Data splitting: we tried both repeated splitting of 80% training and 20% test set, and the leave-one-out (LOO) scheme. In the first case, we used 80% compounds (stratified sampling from non-teratogens and teratogens) as the training set to train a model, which was used to predict the teratogenicity scores using the remaining 20% compounds as the test set. In the latter case, all except one compound were used to train the model, which predicts the teratogenicity scores for the left-out compound, and repeated the procedure for all compounds so that teratogenicity scores were predicted for each compound based on data from other compounds. In either case, the model performance was assessed by F1 scores in case of binary classification models, and Spearman correlation coefficients of teratogenicity scores for teratogens in case of regression models. The best model parameters were searched by 10-fold cross-validations of the training set.
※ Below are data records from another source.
Lemma seq_rev_assoc A B C : full B -> seq_rev (seq_rev A B) C = seq_rev A (seq_rev B C).
Proof.
move=> fullB; rewrite [seq_rev B C]seq_rev_full //.
case: (fullP A) => [fullA | nfullA]; last by rewrite !(seq_rev_nfull _ nfullA) seq_rev_full.
by rewrite !(seq_rev_full _ fullA) seq_rev_full ?seq_meet_assoc //; apply: full_seq_meet.
Qed.

Lemma cell_seq_meet A B w : covered A w -> covered B w ->
  cell (seq_meet A B) w = cell B w * size A + cell A w.
Proof.
move=> covA; elim: B => [|Y B IH] //=.
rewrite seq_meet_cons /cell find_cat has_map find_map size_map -!/(cell _ w).
set meetY := preim _ _.
case wY: (w \in Y) => /= covB.
  have eq_meetY : meetY =1 (fun X => w \in X) by move=> X; rewrite /meetY /= inE wY andbT.
  by rewrite (eq_has eq_meetY) -/(covered A w) covA (eq_find eq_meetY).
have eq_meetY : meetY =1 pred0 by move=> X; rewrite /meetY /= inE wY andbF.
by rewrite (eq_has eq_meetY) has_pred0 IH // mulSn addnA.
Qed.

Lemma cell_le_seq_meet A B : full A -> full B -> cell_le (seq_meet A B) =2
  (fun w v => ~~ cell_le B v w || cell_le B w v && cell_le A w v).
Proof.
move=> fullA fullB w v; have /full_covered covA := fullA; have /full_covered covB := fullB.
have /full_cell cellA := fullA.
by rewrite /cell_le !cell_seq_meet // leq_mixed_radix // ltnNge.
Qed.

Definition seq_equiv U U' :=
  (full U /\ full U' /\ cell_le U =2 cell_le U') \/ (empty_seq U /\ empty_seq U').

Lemma seq_equiv_refl U : full U \/ empty_seq U -> seq_equiv U U.
Proof. by case; [left | right]. Qed.

Lemma seq_equiv_sym U U' : seq_equiv U U' -> seq_equiv U' U.
Proof.
case=> [[fullU [fullU' eqUU']] | []]; last by right.
by left; do 2!split=> //; move=> w v; rewrite eqUU'.
Qed.

Lemma seq_equiv_trans U U' U'' : seq_equiv U U' -> seq_equiv U' U'' -> seq_equiv U U''.
Proof.
case=> [[fullU [fullU' eqUU']] | [emptyU emptyU']]
       [[fullU'_ [fullU'' eqU'U'']] | [emptyU'_ emptyU'']].
- by left; do 2!split=> //; move=> w v; rewrite eqUU' eqU'U''.
- by case: (full_empty_seq fullU' emptyU'_).
- by case: (full_empty_seq fullU'_ emptyU').
- by right.
Qed.

Lemma seq_equiv_prec U U' t p : seq_equiv U U' -> prec U t p <-> prec U' t p.
Proof.
case=> [[fullU [fullU' eqUU']] | [emptyU emptyU']]; first exact: prec_eq_cell_le.
by split=> _; apply: prec_empty.
Qed.

Lemma seq_equiv_seq_rev A A' B B' :
  seq_equiv A A' -> seq_equiv B B' -> seq_equiv (seq_rev A B) (seq_rev A' B').
Proof.
case=> [[fullA [fullA' eqAA']] | [emptyA emptyA']] eqBB'; last first.
  by rewrite !seq_rev_nfull // => /full_empty_seq; apply.
rewrite !seq_rev_full //; case: eqBB' => [[fullB [fullB' eqBB']] | [emptyB emptyB']].
  left; split; [exact: full_seq_meet | split; first exact: full_seq_meet].
  by move=> w v; rewrite !cell_le_seq_meet // !eqBB' eqAA'.
by right; split; apply: empty_seq_meet.
Qed.

Definition level_sets (f : world V -> nat) N := [seq [set w | f w == i] | i <- iota 0 N].

Lemma nth_level_sets f N i : i < N -> nth set0 (level_sets f N) i = [set w | f w == i].
Proof. by move=> iN; rewrite (nth_map 0) ?size_iota // nth_iota. Qed.

Lemma cell_level_sets f N w : f w < N -> cell (level_sets f N) w = f w.
Proof.
move=> fwN; rewrite /cell find_map.
rewrite (@eq_find _ _ (pred1 (f w))); last by move=> i; rewrite /= inE eq_sym.
rewrite -/(index _ _) -{1}(add0n (f w)) -(nth_iota 0 0 fwN).
by rewrite index_uniq ?iota_uniq ?size_iota.
Qed.

Section LevelSets.
Variables (f : world V -> nat) (N : nat).
Hypothesis f_lt : forall w, f w < N.

Lemma full_level_sets : full (level_sets f N).
Proof. by apply/full_cell => w; rewrite cell_level_sets // size_map size_iota. Qed.

Lemma Upsilon_level_sets : Upsilon (level_sets f N).
Proof.
split; last by left; apply: full_level_sets.
move=> i j ij; rewrite size_map size_iota => jN.
rewrite !nth_level_sets ?(ltn_trans ij) //.
rewrite -setI_eq0; apply/eqP/setP => w; rewrite !inE.
by case: eqP => // ->; rewrite ltn_eqF.
Qed.

End LevelSets.

Definition char_form w : form V :=
  foldr (fun x a => And (if w x then Var x else Neg (Var x)) a) Top (enum V).
Definition not_world w : form V := Neg (char_form w).
Definition avoiding (ws : seq (world V)) : form V :=
  foldr (fun w a => And (not_world w) a) Top ws.

Lemma sat_char_form v w : sat v (char_form w) = (v == w).
Proof.
have -> : sat v (char_form w) = all (fun x => v x == w x) (enum V).
  by rewrite /char_form; elim: (enum V) => //= x s ->; case: (w x) => /=; case: (v x).
apply/allP/eqP => [eq_vw | -> //]; apply/ffunP => x.
by apply/eqP/eq_vw; rewrite mem_enum.
Qed.

Lemma sat_not_world v w : sat v (not_world w) = (v != w).
Proof. by rewrite /= sat_char_form. Qed.

Lemma sat_avoiding v ws : sat v (avoiding ws) = (v \notin ws).
Proof. by elim: ws => //= w ws ->; rewrite sat_char_form in_cons negb_or. Qed.

Lemma prec_not_world U w v : full U -> prec U (not_world w) (not_world v) <-> cell_le U w v.
Proof.
move=> fullU; rewrite (prec_full _ _ fullU); split=> [lift_wv | le_wv v'].
  by have [|w'] := lift_wv v; rewrite !inE !sat_not_world ?eqxx // negbK => /eqP ->.
by rewrite inE sat_not_world negbK => /eqP ->; exists w; rewrite // inE sat_not_world eqxx.
Qed.

Lemma full_nprec_Top_Bot U : full U -> ~ prec U Top Bot.
Proof.
move=> fullU; rewrite (prec_full _ _ fullU) => /(_ [ffun=> true]).
by rewrite inE => /(_ isT) [w]; rewrite inE.
Qed.

Lemma seq_equiv_of_prec Y X : Upsilon Y -> seq_equiv X X ->
  (forall t p, prec Y t p <-> prec X t p) -> seq_equiv Y X.
Proof.
case=> _ [fullY | emptyY] [[fullX _] | [emptyX _]] eqYX.
- left; do 2!split=> //; move=> w v.
  by apply/idP/idP; rewrite -!prec_not_world // => /eqYX.
- by case: (full_nprec_Top_Bot fullY); apply/eqYX/prec_empty.
- by case: (full_nprec_Top_Bot fullX); apply/eqYX/prec_empty.
- by right.
Qed.

Section ERelation.
Variable R : form V -> form V -> Prop.
Hypothesis RE : E_relation R.

Lemma R_trans a b c : R a b -> R b c -> R a c.
Proof. by case: RE => R_tr _; apply: R_tr. Qed.

Lemma R_sat a b : (forall w, sat w a -> sat w b) -> R a b.
Proof. by case: RE => _ [R_ent _] ab; apply/R_ent/subsetP => w; rewrite !inE; apply: ab. Qed.

Lemma R_And_l a b c : R (And a b) c <-> R a c \/ R b c.
Proof.
have [le_a le_b] : R (And a b) a /\ R (And a b) b by split; apply: R_sat => w /andP[].
case: RE => _ [_ [R_and _]]; split=> [abc | [ac | bc]]; last 2 first.
- exact: R_trans le_a ac.
- exact: R_trans le_b bc.
by case: (R_and a b) => [a_ab | b_ab]; [left | right]; apply: R_trans abc.
Qed.

Lemma R_And_r a b c : R c (And a b) <-> R c a /\ R c b.
Proof.
have [le_a le_b] : R (And a b) a /\ R (And a b) b by split; apply: R_sat => w /andP[].
case: RE => _ [_ [R_and _]]; split=> [c_ab | [ca cb]].
  by split; apply: R_trans c_ab _.
by case: (R_and a b) => [a_ab | b_ab]; [apply: R_trans ca _ | apply: R_trans cb _].
Qed.

Lemma R_total a b : R a b \/ R b a.
Proof.
have /R_And_l[ab | ba] : R (And a b) (And b a) by apply: R_sat => w /andP[wa wb]; apply/andP.
  by left; apply: (R_trans ab); apply: R_sat => w /andP[].
by right; apply: (R_trans ba); apply: R_sat => w /andP[].
Qed.

Hypothesis R_nabsurd : ~ absurd R.

Lemma R_Top p w : ~~ sat w p -> ~ R Top p.
Proof.
move=> wp Rp; case: RE => _ [_ [_ R_valid]].
have R_Top_Bot : ~ R Top Bot.
  by move=> R_TB; apply: R_nabsurd => a b; apply: R_trans (R_trans _ R_TB) _; apply: R_sat.
have /setP/(_ w) : valid p.
  apply: R_valid; first by exists Top; split=> //; apply: R_sat.
  by move=> a; apply: R_trans Rp; apply: R_sat.
by rewrite !inE (negbTE wp).
Qed.

Lemma R_avoiding_l ws c :
  R (avoiding ws) c <-> (exists2 w, w \in ws & R (not_world w) c) \/ R Top c.
Proof.
elim: ws => [|w ws IH] /=; first by split; [right | case=> // -[]].
rewrite R_And_l IH; split=> [[wc | [[w' w'ws w'c] | Tc]] | [[w' ] | Tc]].
- by left; exists w; rewrite ?mem_head.
- by left; exists w'; rewrite // in_cons w'ws orbT.
- by right.
- by rewrite in_cons => /orP[/eqP -> | w'ws] w'c; [left | right; left; exists w'].
- by right; right.
Qed.

Lemma R_avoiding_r ws c : R c (avoiding ws) <-> forall w, w \in ws -> R c (not_world w).
Proof.
elim: ws => [|w ws IH] /=; first by split=> // _; apply: R_sat.
rewrite R_And_r IH; split=> [[cw cws] w' | cws].
  by rewrite in_cons => /orP[/eqP -> | /cws].
by split=> [|w' w'ws]; apply: cws; rewrite in_cons ?eqxx ?w'ws ?orbT.
Qed.

Lemma R_lift t p : R t p <-> lift_rel (fun w v => R (not_world w) (not_world v)) t p.
Proof.
set ts := enum (~: S t); set ps := enum (~: S p).
have mem_avoid q w : sat w (avoiding (enum (~: S q))) = sat w q.
  by rewrite sat_avoiding mem_enum !inE negbK.
have -> : R t p <-> R (avoiding ts) (avoiding ps).
  by split=> tp; apply: R_trans (R_trans _ tp) _; apply: R_sat => w; rewrite ?mem_avoid.
rewrite R_avoiding_r; split=> [tp v vp | lift_tp v].
  have /tp/R_avoiding_l[[w wts wv] | Tv] : v \in ps by rewrite mem_enum inE.
    by exists w; rewrite // mem_enum inE in wts.
  by case: (@R_Top _ v _ Tv); rewrite sat_not_world eqxx.
rewrite mem_enum inE => /lift_tp[w wt wv].
by apply/R_avoiding_l; left; exists w; rewrite // /ts mem_enum inE.
Qed.

Definition world_rank w := #|[set u | `[< ~ R (not_world w) (not_world u) >]]|.

Lemma world_rank_le w v : world_rank w <= world_rank v <-> R (not_world w) (not_world v).
Proof.
split=> [le_wv | wv]; last first.
  apply: subset_leq_card; apply/subsetP => u; rewrite !inE => /asboolP nwu.
  by apply/asboolP => vu; apply/nwu/(R_trans wv).
apply/asboolP; apply: contraLR le_wv => /asboolP nwv; rewrite -ltnNge.
apply: proper_card; apply/properP; split.
  apply/subsetP => u; rewrite !inE => /asboolP nvu; apply/asboolP => wu.
  by case: (R_total (not_world w) (not_world v)) => // vw; apply/nvu/(R_trans vw).
by exists v; rewrite !inE; [apply/asboolP | apply/asboolP; apply; apply: R_sat].
Qed.

End ERelation.

Lemma E_relation_represented (R : form V -> form V -> Prop) :
  E_relation R -> exists U, represents R U.
Proof.
move=> RE; have [absR | nabsR] := pselect (absurd R).
  exists [::]; split=> [|t p]; first exact: Upsilon_nil.
  by split=> // _; exact/prec_empty/empty_seq_nil.
have rank_lt w : world_rank R w < #|world V|.+1 by rewrite ltnS max_card.
exists (level_sets (world_rank R) #|world V|.+1); split=> [|t p].
  exact: Upsilon_level_sets.
rewrite (prec_full _ _ (full_level_sets rank_lt)) (R_lift RE nabsR).
split=> lift_tp v /lift_tp[w wt wv]; exists w => //.
  by rewrite /cell_le !cell_level_sets // world_rank_le.
by rewrite /cell_le !cell_level_sets // world_rank_le in wv.
Qed.

Lemma represents_rep (R : form V -> form V -> Prop) :
  E_relation R -> represents R (rep R).
Proof. by move/E_relation_represented; apply: epsilon_spec. Qed.

Lemma rep_prec X : seq_equiv X X -> seq_equiv (rep (prec X)) X.
Proof.
move=> eqXX; have [U [UpsU eqUX]] : exists U, Upsilon U /\ seq_equiv U X.
  case: eqXX => [[fullX _] | [emptyX _]]; last first.
    by exists [::]; split; [exact: Upsilon_nil | right; split; [exact: empty_seq_nil |]].
  have /full_cell cellX := fullX.
  exists (level_sets (cell X) (size X)); split; first exact: Upsilon_level_sets.
  left; split; first exact: full_level_sets.
  by split=> // w v; rewrite /cell_le !cell_level_sets.
have [UpsY eqY] : represents (prec X) (rep (prec X)).
  by apply: epsilon_spec; exists U; split=> // t p; apply: iff_sym; exact: seq_equiv_prec.
by apply: seq_equiv_of_prec => // t p; apply: iff_sym.
Qed.

End Revision.

Theorem proposition7 (V : finType) (R1 R2 R3 : form V -> form V -> Prop) :
  E_relation R1 -> E_relation R2 -> E_relation R3 -> ~ absurd R2 ->
  forall t p : form V,
    revE (revE R1 R2) R3 t p <-> revE R1 (revE R2 R3) t p.
Proof.
move=> RE1 RE2 RE3 nabsR2 t p.
have [[_ /seq_equiv_refl equiv1] _] := represents_rep RE1.
have [[_ fe2] eqR2] := represents_rep RE2.
have [[_ /seq_equiv_refl equiv3] _] := represents_rep RE3.
have full2 : full (rep R2).
  by case: fe2 => // empty2; case: nabsR2 => a b; apply/eqR2/prec_empty.
have equiv2 := seq_equiv_refl fe2.
rewrite /revE; apply: seq_equiv_prec.
apply: (seq_equiv_trans (U' := seq_rev (seq_rev (rep R1) (rep R2)) (rep R3))).
  exact: seq_equiv_seq_rev (rep_prec (seq_equiv_seq_rev equiv1 equiv2)) equiv3.
rewrite seq_rev_assoc //; apply: seq_equiv_seq_rev equiv1 _.
exact/seq_equiv_sym/rep_prec/seq_equiv_seq_rev.
Qed.
(* Let $K=3$. For generic $H\in\mathbb{C}^{3\times 3}$ (that is, for all $H$ outside the zero set of some nonzero polynomial in the entries of $H$), there exist diagonal matrices $D_1,D_2,D_3\in\mathbb{C}^{3\times 3}$ such that, with $B := HD_2 + HD_3H^TD_1H$, the following hold for each $i\in\{1,2,3\}$: (i) $\dfrac{B_{ij}}{H_{ij}} = \dfrac{B_{ij'}}{H_{ij'}}$ for all $j,j'\neq i$; (ii) $\dfrac{B_{ii}}{H_{ii}} \neq \dfrac{B_{ij}}{H_{ij}}$ for all $j\neq i$.
   Context: Setting: a 3-user interference channel with forward channel matrix $H$ ($H_{ij}$ is the gain from source $s_j$ to destination $t_i$) and reciprocal feedback channel $G=H^T$, using a three-phase scheme: destinations receive $y=Hx$ in phase 1, sources receive $H^TD_1y$ in phase 2, and destinations receive $Bx$ in phase 3 (noise ignored), with diagonal coding matrices $D_1,D_2,D_3$. Condition (i) (interference alignment) and (ii) (desired signal preserved) allow each destination to cancel all interference by a linear combination of its phase-1 and phase-3 observations. *)

From HB Require Import structures.
From mathcomp Require Import all_boot all_order all_algebra.
From mathcomp Require Import reals complex.
From mathcomp Require Import mpoly.
Set Implicit Arguments. Unset Strict Implicit. Unset Printing Implicit Defensive.
Import Order.TTheory GRing.Theory Num.Theory.
Local Open Scope ring_scope.

Definition mx_eval (F : fieldType) (p : {mpoly F[3 * 3]}) (H : 'M[F]_3) : F :=
  p.@[fun k : 'I_(3 * 3) => mxvec H 0 k].

Definition B_mx (F : fieldType) (H D1 D2 D3 : 'M[F]_3) : 'M[F]_3 :=
  H *m D2 + H *m D3 *m H^T *m D1 *m H.

From HB Require Import structures.
From mathcomp Require Import all_boot all_order all_algebra.
From mathcomp Require Import reals complex.
From mathcomp Require Import mpoly.
From mathcomp Require Import ring.
Set Implicit Arguments. Unset Strict Implicit. Unset Printing Implicit Defensive.
Import GRing.Theory Num.Theory.
Local Open Scope ring_scope.

(* With D3 = diag(1,0,0) and D1 = diag(a,b,0) the feedback term has rank one:
   B_ij = H_ij d2_j + H_i0 g_j with g_j = a H_00 H_0j + b H_10 H_1j, so
   B_ij / H_ij = d2_j + g_j H_i0 / H_ij.  Taking d2_j = - g_j H_k0 / H_kj with
   k the row outside {0, j} kills column 0 and the off-diagonal entries of
   rows 1 and 2, and leaves on row 0 the ratios g_1 m_021 / (H_01 H_21) and
   g_2 m_012 / (H_02 H_12), m_ikj being the minor on rows i, k and columns
   0, j.  Equating them is one linear condition on (a, b), with a polynomial
   solution.  What remains is the non-vanishing of entries, minors and gains,
   i.e. of one polynomial, which is nonzero at an integer matrix. *)

Lemma ord3P (i : 'I_3) : [\/ i = 0, i = 1 | i = 2].
Proof.
by case: i => [[|[|[|//]]] ?]; [apply: Or31 | apply: Or32 | apply: Or33];
  apply: val_inj.
Qed.

Lemma separated_row (T V : eqType) (r : T -> V) (i : T) (v : V) :
  (forall j, j != i -> r j = v) -> r i != v ->
  (forall j j', j != i -> j' != i -> r j = r j') /\
  (forall j, j != i -> r i != r j).
Proof. by move=> offv riv; split=> [j j' /offv-> /offv-> | j /offv->]. Qed.

Section GenericExpressions.
Variables (R : comNzRingType) (x : 'M[R]_3).

Definition minor_col0 (i k j : 'I_3) : R := x i 0 * x k j - x k 0 * x i j.

Definition balance_coef (l : 'I_3) : R :=
  x l 0 * (x l 1 * (minor_col0 0 2 1 * x 0 2 * x 1 2)
           - x l 2 * (minor_col0 0 1 2 * x 0 1 * x 2 1)).

Definition gain (j : 'I_3) : R :=
  balance_coef 1 * x 0 0 * x 0 j - balance_coef 0 * x 1 0 * x 1 j.

Definition genericity : R :=
  (\prod_i \prod_j x i j) * minor_col0 0 2 1 * minor_col0 1 2 1 * minor_col0 2 1 2
  * gain 1 * gain 2.

(* The weights (balance_coef 1, - balance_coef 0) are orthogonal to
   (balance_coef 0, balance_coef 1). *)
Lemma gain_balance :
  gain 1 * (minor_col0 0 2 1 * x 0 2 * x 1 2)
  = gain 2 * (minor_col0 0 1 2 * x 0 1 * x 2 1).
Proof. by rewrite /gain /balance_coef; ring. Qed.

End GenericExpressions.

Lemma genericity_map (R S : comNzRingType) (f : {rmorphism R -> S})
    (x : 'M[R]_3) :
  f (genericity x) = genericity (map_mx f x).
Proof.
have f_prod : f (\prod_i \prod_j x i j) = \prod_i \prod_j map_mx f x i j.
  rewrite rmorph_prod; apply: eq_bigr => i _.
  by rewrite rmorph_prod; apply: eq_bigr => j _; rewrite mxE.
rewrite /genericity /gain /balance_coef /minor_col0 !rmorphM f_prod.
by rewrite !(rmorphM, rmorphB) !mxE.
Qed.

Lemma genericityP (F : idomainType) (x : 'M[F]_3) :
  genericity x != 0 ->
  [/\ forall i j, x i j != 0, gain x 1 * minor_col0 x 0 2 1 != 0,
      gain x 1 * minor_col0 x 1 2 1 != 0 & gain x 2 * minor_col0 x 2 1 2 != 0].
Proof.
rewrite /genericity !mulf_eq0 !negb_or.
move=> /andP[/andP[/andP[/andP[/andP[/prodf_neq0 x_neq0 ?] ?] ?] ?] ?].
split=> [i j|||]; try by apply/andP.
by have /prodf_neq0 := x_neq0 i isT; apply.
Qed.

Lemma B_mx_rank_one_feedback (F : fieldType) (H : 'M[F]_3) (a b : F)
    (d2 : 'rV[F]_3) (i j : 'I_3) :
  B_mx H (diag_mx (\row_k [:: a; b; 0]`_k)) (diag_mx d2)
    (diag_mx (delta_mx 0 0)) i j
  = H i j * d2 0 j + H i 0 * (a * H 0 0 * H 0 j + b * H 1 0 * H 1 j).
Proof.
rewrite /B_mx !mul_mx_diag !mxE !big_ord_recl big_ord0 /=.
rewrite !mxE !big_ord_recl !big_ord0 /= !mxE /=.
have -> : lift ord0 (lift ord0 ord0) = 2 :> 'I_3 by apply: val_inj.
have -> : lift ord0 ord0 = 1 :> 'I_3 by apply: val_inj.
have -> : ord0 = 0 :> 'I_3 by apply: val_inj.
ring.
Qed.

Section CodingMatrices.
Variables (F : fieldType) (H : 'M[F]_3).

Definition partner (j : 'I_3) : 'I_3 := if j == 1 then 2 else 1.

Definition coding1 : 'M[F]_3 :=
  diag_mx (\row_k [:: balance_coef H 1; - balance_coef H 0; 0]`_k).
Definition coding2 : 'M[F]_3 :=
  diag_mx (\row_j (- gain H j * (H (partner j) 0 / H (partner j) j))).
Definition coding3 : 'M[F]_3 := diag_mx (delta_mx 0 0).

Local Notation ratio i j := (B_mx H coding1 coding2 coding3 i j / H i j).

Definition ratio_gap (j i k : 'I_3) : F := H i 0 / H i j - H k 0 / H k j.

Lemma ratio_coding (i j : 'I_3) : H i j != 0 ->
  ratio i j = gain H j * ratio_gap j i (partner j).
Proof.
move=> Hij; rewrite B_mx_rank_one_feedback mxE mulrDl mulrAC divff // mul1r.
by rewrite /gain /ratio_gap; ring.
Qed.

Lemma ratio_gap_same (j i : 'I_3) : ratio_gap j i i = 0.
Proof. exact: subrr. Qed.

Hypothesis H_neq0 : forall i j, H i j != 0.

Lemma ratio_gap_col0 (i k : 'I_3) : ratio_gap 0 i k = 0.
Proof. by rewrite /ratio_gap !divff // subrr. Qed.

Lemma ratio_gap_minor (j i k : 'I_3) :
  ratio_gap j i k = minor_col0 H i k j / (H i j * H k j).
Proof. by rewrite /ratio_gap /minor_col0; field; rewrite !H_neq0. Qed.

Lemma ratio_gap_row0 :
  gain H 1 * ratio_gap 1 0 2 = gain H 2 * ratio_gap 2 0 1.
Proof.
apply/eqP; rewrite !ratio_gap_minor !mulrA eqr_div ?mulf_neq0 // !mulrA.
by have := gain_balance H; rewrite !mulrA => ->.
Qed.

Definition offdiag_ratio (i : 'I_3) : F :=
  if i == 0 then gain H 1 * ratio_gap 1 0 2 else 0.

Lemma ratio_offdiag (i j : 'I_3) : j != i -> ratio i j = offdiag_ratio i.
Proof.
rewrite ratio_coding // /offdiag_ratio /partner.
case: (ord3P i) => ->; case: (ord3P j) => ->; rewrite ?eqxx //= => _.
  by rewrite ratio_gap_row0.
all: by rewrite ?ratio_gap_col0 ?ratio_gap_same mulr0.
Qed.

Lemma ratio_diag (i : 'I_3) :
  gain H 1 * minor_col0 H 0 2 1 != 0 -> gain H 1 * minor_col0 H 1 2 1 != 0 ->
  gain H 2 * minor_col0 H 2 1 2 != 0 ->
  ratio i i != offdiag_ratio i.
Proof.
move=> g021 g121 g212; rewrite ratio_coding // /offdiag_ratio /partner.
have gap_neq0 j k l : gain H j * minor_col0 H k l j != 0 ->
    gain H j * ratio_gap j k l != 0.
  by move=> gm; rewrite ratio_gap_minor mulrA mulf_neq0 // invr_eq0 mulf_neq0.
case: (ord3P i) => -> /=; rewrite ?subr0 ?gap_neq0 //.
by rewrite ratio_gap_col0 mulr0 eq_sym gap_neq0.
Qed.

End CodingMatrices.

Definition witness_mx : 'M[int]_3 :=
  \matrix_(i < 3, j < 3)
    nth 0 (nth [::] [:: [:: 1; 2; 3]; [:: 1; 1; 2]; [:: 2; 1; 1]] i) j.

Lemma genericity_witness : genericity witness_mx != 0.
Proof.
by rewrite /genericity /gain /balance_coef /minor_col0 !big_ord_recl !big_ord0 !mxE.
Qed.

Theorem theorem3 (R : realType) :
  exists P : {mpoly (complex R)[3 * 3]},
    P != 0 /\
    forall H : 'M[complex R]_3,
      mx_eval P H != 0 ->
      exists D1 D2 D3 : 'M[complex R]_3,
        [/\ is_diag_mx D1, is_diag_mx D2, is_diag_mx D3 &
        forall i : 'I_3,
          (forall j j' : 'I_3, j != i -> j' != i ->
             B_mx H D1 D2 D3 i j / H i j = B_mx H D1 D2 D3 i j' / H i j') /\
          (forall j : 'I_3, j != i ->
             B_mx H D1 D2 D3 i i / H i i != B_mx H D1 D2 D3 i j / H i j)].
Proof.
pose X : 'M[{mpoly (complex R)[3 * 3]}]_3 := \matrix_(i, j) 'X_(mxvec_index i j).
have eval_genericity H : mx_eval (genericity X) H = genericity H.
  rewrite /mx_eval genericity_map; congr genericity.
  apply/matrixP => i j; rewrite !mxE.
  exact: etrans (mevalXU _ _) (mxvecE _ _ _).
exists (genericity X); split.
  apply: contra_neq genericity_witness => X0.
  apply/eqP; rewrite -(intr_eq0 (complex R)) -[_%:~R]/(intr _) genericity_map.
  by rewrite -eval_genericity X0 /mx_eval meval0.
move=> H; rewrite eval_genericity => /genericityP[H_neq0 g021 g121 g212].
exists (coding1 H), (coding2 H), (coding3 _); split; try exact: diag_mx_is_diag.
move=> i; apply: (separated_row (v := offdiag_ratio H i)).
  by move=> j; apply: ratio_offdiag.
exact: ratio_diag.
Qed.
While all other technical terms are used in their common sense, we explain the motivation and definition of the Teratogenicity Score in detail. A key challenge for building a predictive model of teratogenicity is that the potential of a compound inducing teratogenicity varies by its concentration. A concentration-response relationship can be assumed, namely a treatment with a higher concentration is more likely to induce teratogenicity than that with a low concentration. However, the concrete functional form between the potential and the concentration is not known. This motivated us to define the Teratogenicity Score as the ‘0-1 cosine bounded similarity’ between differential gene expression profiles induced by any given concentration and the profiles induced by the maximum non-cytotoxic concentration. The teratogenicity scores of teratogens are defined between 0 and 1, and those of non-teratogens are fixed as 0 at all concentrations (Fig. 3b). By defining teratogenicity scores, we effectively transformed the binary classification problem into a regression problem.
Two important technical details require clarification. First is the range of the teratogenicity score. Mathematically, cosine similarity ranges between −1 and 1; we bounded it to 0-1 by setting negative similarities as zero, which did not change the performance of the models (data not shown) but helped with human understanding. The teratogenicity score can be interpreted as an estimate of the probability of inducing teratogenicity, which would be a real number between 0 and 1, though the real probability is unknown to us because we are working with an in vitro system only, and the probability estimated in our system may differ significantly from that in vivo.
The second technical detail is the selection of regression models. Given the truncated domain where the teratogenicity score is defined, we tried both simple linear regression and generalized linear models with beta regression. However, beta regression was computationally intensive and much slower, and its use led to similar results as simple linear regression for predicting teratogenicity scores. Therefore, we used simple linear regression throughout the study except in the last part of model explainability, because only one model is required there and the boundary consideration is important for simulation studies.
We observed the following patterns as we tried all options of model building:
The feature type has minimal impact on the performance, though models trained with z-scores perform better on the test set than models trained with logFC (data not shown).
The combination of feature engineering and machine-learning model is important and the best combination depends on the prediction task (Fig. 3c and 3d, contrasted with Fig. 5a). For teratogenicity prediction, the combination of germ-layer factors and random-forest regression works the best.
With regard to the target variable, the performance of the regression-based teratogenicity-score prediction model is slightly better than the model for binary classification (data not shown).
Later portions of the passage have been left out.